# Statistical Power

Author: Greg Damico.

In [None]:
import pandas as pd
import numpy as np
from scipy import stats
import itertools

The power of a statistical test is simply P(reject null | null is false). That is, a test's power grows with the chance that we shall accurately reject the null hypothesis.

If $\beta$ is the probability of a false negative, i.e. the probability that we fail to reject the null hypothesis when it is false, then clearly the power of an associated test is simply $1 - \beta$.

## Example of Power Growing with Sample Size
Consider some particular null hypothesis to the effect that Hepomanol, an experimental drug, has no effect in the treatment of liver cancer. And suppose in fact that this hypothesis is false. A typical test for the effectiveness of Hepomanol would involve patients with liver cancer taking both Hepomanol and a placebo. Some patients would show amelioration of symptoms and others would not. Given that the null hypothesis is false, we ought to expect to see a correlation between those who took Hepomanol and those who experienced relief of symptoms. But the probability that we might, by random chance, see _no_ correlation is higher for smaller sample sizes. The more patients we test, the more likely we are to observe the actually existing correlation. Thus, all else equal, tests involving larger samples will have higher degrees of power.

Suppose in particular that we have the following data about our liver cancer patients.

1. The average tumor length for those given a placebo is 5 cm.
2. The tumor lengths for the ten patients given Hepomanol are:

5, 2, 2, 5, 2.5, 2, 2, 3, 2.5, 2.25

Hepomanol has in fact had great success, and so we'll assume that the null hypothesis is in fact false.

Our statistical test will take the form of sampling from this population of ten. We'll see that the larger the sample is, the greater is the power of the test.

We'll be using a t-test here, so we'll need to have access to t-critical values: We'll use scipy.stats.t for those.
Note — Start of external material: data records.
(* Let $M^Q(a|x)$ and $N^{Q'}(b|y)$ be PMDs. Then $M^Q(a|x)\succeq N^{Q'}(b|y)$ if and only if $M^Q(a|x)$ can be converted to $N^{Q'}(b|y)$ by a one-way LOCC from Alice to Bob, in the spatial model in which the PMD is regarded as a bipartite channel whose quantum input is held by Alice and whose program input and classical outcome are held by Bob.
   Context: All Hilbert spaces are finite-dimensional and all alphabets are finite. A PMD on $\mathcal{H}^Q$ with program set $\mathcal{X}$ and outcome set $\mathcal{A}$ is a family $\{M^Q(a|x)\}$ of operators on $\mathcal{H}^Q$ with $M^Q(a|x)\ge0$ and $\sum_a M^Q(a|x)=\mathbb{1}^Q$ for every $x$. In the spatial model, such a PMD is a bipartite channel: Alice inputs a quantum state on $\mathcal{H}^Q$, Bob inputs $x$ and receives $a$ with probability $\mathrm{Tr}[\rho M^Q(a|x)]$. A one-way LOCC conversion from Alice to Bob of $M^Q(a|x)$ into a device with Alice's quantum input $\mathcal{H}^{Q'}$, Bob's input $y$ and Bob's output $b$ consists of: a pre-processing by one-way LOCC (Alice to Bob) acting on Alice's input in $\mathcal{H}^{Q'}$ and Bob's input $y$, producing the input on $\mathcal{H}^Q$ for Alice's side of $M$ and the program $x$ on Bob's side; side memories that may be quantum on Alice's side and classical on Bob's side; and a post-processing by one-way LOCC (Alice to Bob) using the side memories and Bob's outcome $a$ to produce $b$; shared randomness is allowed. $M^Q(a|x)\succeq N^{Q'}(b|y)$ means that there exist a probability distribution $\mu(r)$, for each $r$ a quantum instrument $\{\mathcal{E}^{Q'\to Q}_{i|r}\}_i$, and conditional probability distributions $p(x|i,y,r)$, $q(b|a,x,i,y,r)$ such that for all $b,y$ \[N^{Q'}(b|y)=\sum_r\mu(r)\sum_{i,x,a}q(b|a,x,i,y,r)\,p(x|i,y,r)\,(\mathcal{E}^{Q'\to Q}_{i|r})^\dagger[M^Q(a|x)],\] with $\mathcal{E}^\dagger$ the adjoint (trace-dual) map. *)

(* Complex scalars: an arbitrary numClosedFieldType C
   (e.g. algC, or complex R for R : rcfType). *)
From HB Require Import structures.
From mathcomp Require Import all_boot all_order all_algebra.
From mathcomp Require Import mxtens.
Set Implicit Arguments.
Unset Strict Implicit.
Unset Printing Implicit Defensive.
Import Order.TTheory GRing.Theory Num.Theory.
Local Open Scope ring_scope.

Section Defs.
Variable C : numClosedFieldType.

Definition adjmx m n (A : 'M[C]_(m, n)) : 'M[C]_(n, m) := (map_mx Num.conj A)^T.

Definition psd n (A : 'M[C]_n) : Prop :=
  adjmx A = A /\ forall v : 'cV[C]_n, 0 <= (adjmx v *m A *m v) 0 0.

(* probability distribution on a finite set (values real, nonnegative) *)
Definition prob_dist (T : finType) (p : T -> C) : Prop :=
  (forall t, 0 <= p t) /\ \sum_(t : T) p t = 1.

(* PMD on H^Q = C^d with program set X and outcome set A:  M x a = M^Q(a|x) *)
Definition PMD (d : nat) (X A : finType) (M : X -> A -> 'M[C]_d) : Prop :=
  (forall x a, psd (M x a)) /\ (forall x, \sum_(a : A) M x a = 1%:M).

Definition POVM (d : nat) (J : finType) (F : J -> 'M[C]_d) : Prop :=
  (forall j, psd (F j)) /\ \sum_(j : J) F j = 1%:M.

(* A quantum instrument {E_i}_i from C^din to C^dout, each CP map E_i given
   by Kraus operators K i k (k < m):  E_i(rho) = sum_k K i k rho (K i k)^*.
   Trace preservation of sum_i E_i:  sum_{i,k} (K i k)^* K i k = 1. *)
Definition instrument (din dout : nat) (I : finType) (m : nat)
  (K : I -> 'I_m -> 'M[C]_(dout, din)) : Prop :=
  \sum_(i : I) \sum_(k < m) adjmx (K i k) *m K i k = 1%:M.

Definition instr_adj (din dout : nat) (I : finType) (m : nat)
  (K : I -> 'I_m -> 'M[C]_(dout, din)) (i : I) (Y : 'M[C]_dout) : 'M[C]_din :=
  \sum_(k < m) adjmx (K i k) *m Y *m K i k.

Definition pmd_succeq (dQ dQ' : nat) (X A Y B : finType)
  (M : X -> A -> 'M[C]_dQ) (N : Y -> B -> 'M[C]_dQ') : Prop :=
  exists (Rr : finType) (mu : Rr -> C) (I : finType) (m : nat)
         (K : Rr -> I -> 'I_m -> 'M[C]_(dQ, dQ'))
         (p : I -> Y -> Rr -> X -> C)
         (q : A -> X -> I -> Y -> Rr -> B -> C),
    prob_dist mu /\
        (forall r, instrument (K r)) /\
        (forall i y r, prob_dist (p i y r)) /\
        (forall a x i y r, prob_dist (q a x i y r)) /\
        (forall y b, N y b =
           \sum_(r : Rr) mu r *:
             \sum_(i : I) \sum_(x : X) \sum_(a : A)
               (q a x i y r b * p i y r x) *: instr_adj (K r) i (M x a)).

(* One-way LOCC conversion (Alice -> Bob) in the spatial model.
   - shared randomness r ~ mu;
   - pre-processing: Alice applies an instrument {E_{i|r}} from her input
     space C^dQ' to C^dQ (x) C^dA (input of M, quantum memory of dimension dA),
     and sends the classical outcome i to Bob; Bob, from y, i, r, draws the
     program x together with a classical memory value w ~ p(x,w|i,y,r);
   - M is used once: Alice's C^dQ part is fed in, Bob inputs x, gets a;
   - post-processing: Alice measures her quantum memory with a POVM
     {F_{j|i,r}} and sends j to Bob; Bob outputs b ~ q(b|a,x,w,i,j,y,r). *)
Definition oneway_LOCC_convertible (dQ dQ' : nat) (X A Y B : finType)
  (M : X -> A -> 'M[C]_dQ) (N : Y -> B -> 'M[C]_dQ') : Prop :=
  exists (Rr : finType) (mu : Rr -> C) (dA : nat) (I : finType) (m : nat)
         (K : Rr -> I -> 'I_m -> 'M[C]_(dQ * dA, dQ'))
         (W : finType) (p : I -> Y -> Rr -> (X * W)%type -> C)
         (J : finType) (F : Rr -> I -> J -> 'M[C]_dA)
         (q : A -> X -> W -> I -> J -> Y -> Rr -> B -> C),
    prob_dist mu /\
        (forall r, instrument (K r)) /\
        (forall i y r, prob_dist (p i y r)) /\
        (forall r i, POVM (F r i)) /\
        (forall a x w i j y r, prob_dist (q a x w i j y r)) /\
        (forall y b, N y b =
           \sum_(r : Rr) mu r *:
             \sum_(i : I) \sum_(xw : (X * W)%type) \sum_(a : A) \sum_(j : J)
               (q a xw.1 xw.2 i j y r b * p i y r xw) *:
                 instr_adj (K r) i (tensmx (M xw.1 a) (F r i j))).

End Defs.

From HB Require Import structures.
From mathcomp Require Import all_boot all_order all_algebra mxtens spectral.
Set Implicit Arguments.
Unset Strict Implicit.
Unset Printing Implicit Defensive.
Import Order.TTheory GRing.Theory Num.Theory.
Local Open Scope ring_scope.

(* A conversion in the sense of [pmd_succeq] is a one-way LOCC protocol
   without memories: take a one-dimensional quantum memory measured by the
   trivial POVM.  Conversely, both memories can be eliminated.  Alice's final
   measurement {F_j} of her memory can be performed already within her
   initial instrument, since its outcome j only enters Bob's post-processing:
   writing F_j = sum_l w_l w_l^*, the instrument with outcomes (i, j) and
   Kraus operators (1 ⊗ w_l^* ) K_k has adjoint Y |-> E_i^dagger(Y ⊗ F_j).
   Bob's classical memory w is averaged out: the marginal of (x, w) becomes
   the program distribution, and the p-weighted average of q over w the
   post-processing. *)

Section Adjoint.
Variable C : numClosedFieldType.

Lemma adjmxK m n (A : 'M[C]_(m, n)) : adjmx (adjmx A) = A.
Proof. by apply/matrixP => i j; rewrite !mxE conjCK. Qed.

Lemma adjmxM m n p (A : 'M[C]_(m, n)) (B : 'M[C]_(n, p)) :
  adjmx (A *m B) = adjmx B *m adjmx A.
Proof. by rewrite /adjmx map_mxM trmx_mul. Qed.

Lemma adjmx_tens m n p q (A : 'M[C]_(m, n)) (B : 'M[C]_(p, q)) :
  adjmx (A *t B) = adjmx A *t adjmx B.
Proof. by apply/matrixP => i j; rewrite !mxE rmorphM. Qed.

Lemma adjmx1 n : adjmx (1%:M : 'M[C]_n) = 1%:M.
Proof. by apply/matrixP => i j; rewrite !mxE eq_sym rmorphMn rmorph1. Qed.

Lemma adjmx_castmx_conj m m' n (e : m = m') (K : 'M[C]_(m, n)) (Y : 'M[C]_m') :
  adjmx (castmx (e, erefl n) K) *m Y *m castmx (e, erefl n) K
  = adjmx K *m castmx (esym e, esym e) Y *m K.
Proof. by case: m' / e in Y *; rewrite !castmx_id. Qed.

End Adjoint.

Section Tensor.
Variable R : comPzRingType.

Lemma tensmx_sumr m n p q (I : finType) (A : 'M[R]_(m, n)) (G : I -> 'M[R]_(p, q)) :
  A *t (\sum_i G i) = \sum_i A *t G i.
Proof.
apply/matrixP => i j; rewrite !mxE !summxE mulr_sumr.
by apply: eq_bigr => l _; rewrite !mxE.
Qed.

Lemma tensmx11 m n : (1%:M : 'M[R]_m) *t (1%:M : 'M[R]_n) = 1%:M.
Proof.
apply/matrixP => i j.
case: (mxtens_indexP i) => i1 i2; case: (mxtens_indexP j) => j1 j2.
rewrite tensmxE !mxE (can_eq (@mxtens_indexK _ _)) xpair_eqE.
by case: (i1 == j1); case: (i2 == j2); rewrite ?mulr1 ?mulr0.
Qed.

Lemma tensmx1 m n (Y : 'M[R]_(m, n)) :
  Y *t (1%:M : 'M[R]_1) = castmx (esym (muln1 m), esym (muln1 n)) Y.
Proof. by rewrite tens_mx_scalar scale1r. Qed.

Lemma castmx1 m m' (e : m = m') : castmx (e, e) (1%:M : 'M[R]_m) = 1%:M.
Proof. by case: m' / e; rewrite castmx_id. Qed.

End Tensor.

Lemma big_mxtens_unindex (V : nmodType) m n (F : 'I_m -> 'I_n -> V) :
  \sum_(k < m * n) F (mxtens_unindex k).1 (mxtens_unindex k).2
  = \sum_(k1 < m) \sum_(k2 < n) F k1 k2.
Proof.
rewrite pair_big /=; symmetry.
apply: (reindex (@mxtens_unindex m n)) => /=.
by exists (@mxtens_index m n) => k _; rewrite (mxtens_indexK, mxtens_unindexK).
Qed.

Lemma sum_pair (V : nmodType) (I J : finType) (F : I * J -> V) :
  \sum_(ij : I * J) F ij = \sum_i \sum_j F (i, j).
Proof. by rewrite pair_big; apply: eq_bigr => -[]. Qed.

Lemma big_unit (V : nmodType) (F : unit -> V) : \sum_(u : unit) F u = F tt.
Proof. by rewrite (big_pred1 tt) // => -[]. Qed.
We'll also need the standard deviation of our sample.

In [None]:
# Calculating the power of a statistical test:


data = pd.Series([5, 2, 2, 5, 2.5, 2, 2, 3, 2.5, 2.25])

Suppose we take a sample of 3. In that case, with a one-tail test and a 5% threshold, there are two degrees of freedom. Let's calculate our critical value:

In [None]:
stats.t.ppf(0.05, 2)

 So our chance of rejecting the null hypothesis is just the chance that our statistic $t\leq -2.92$.

t is calculated as follows: $\Large\frac{\bar{x} - \mu}{\frac{s}{\sqrt{n}}}$.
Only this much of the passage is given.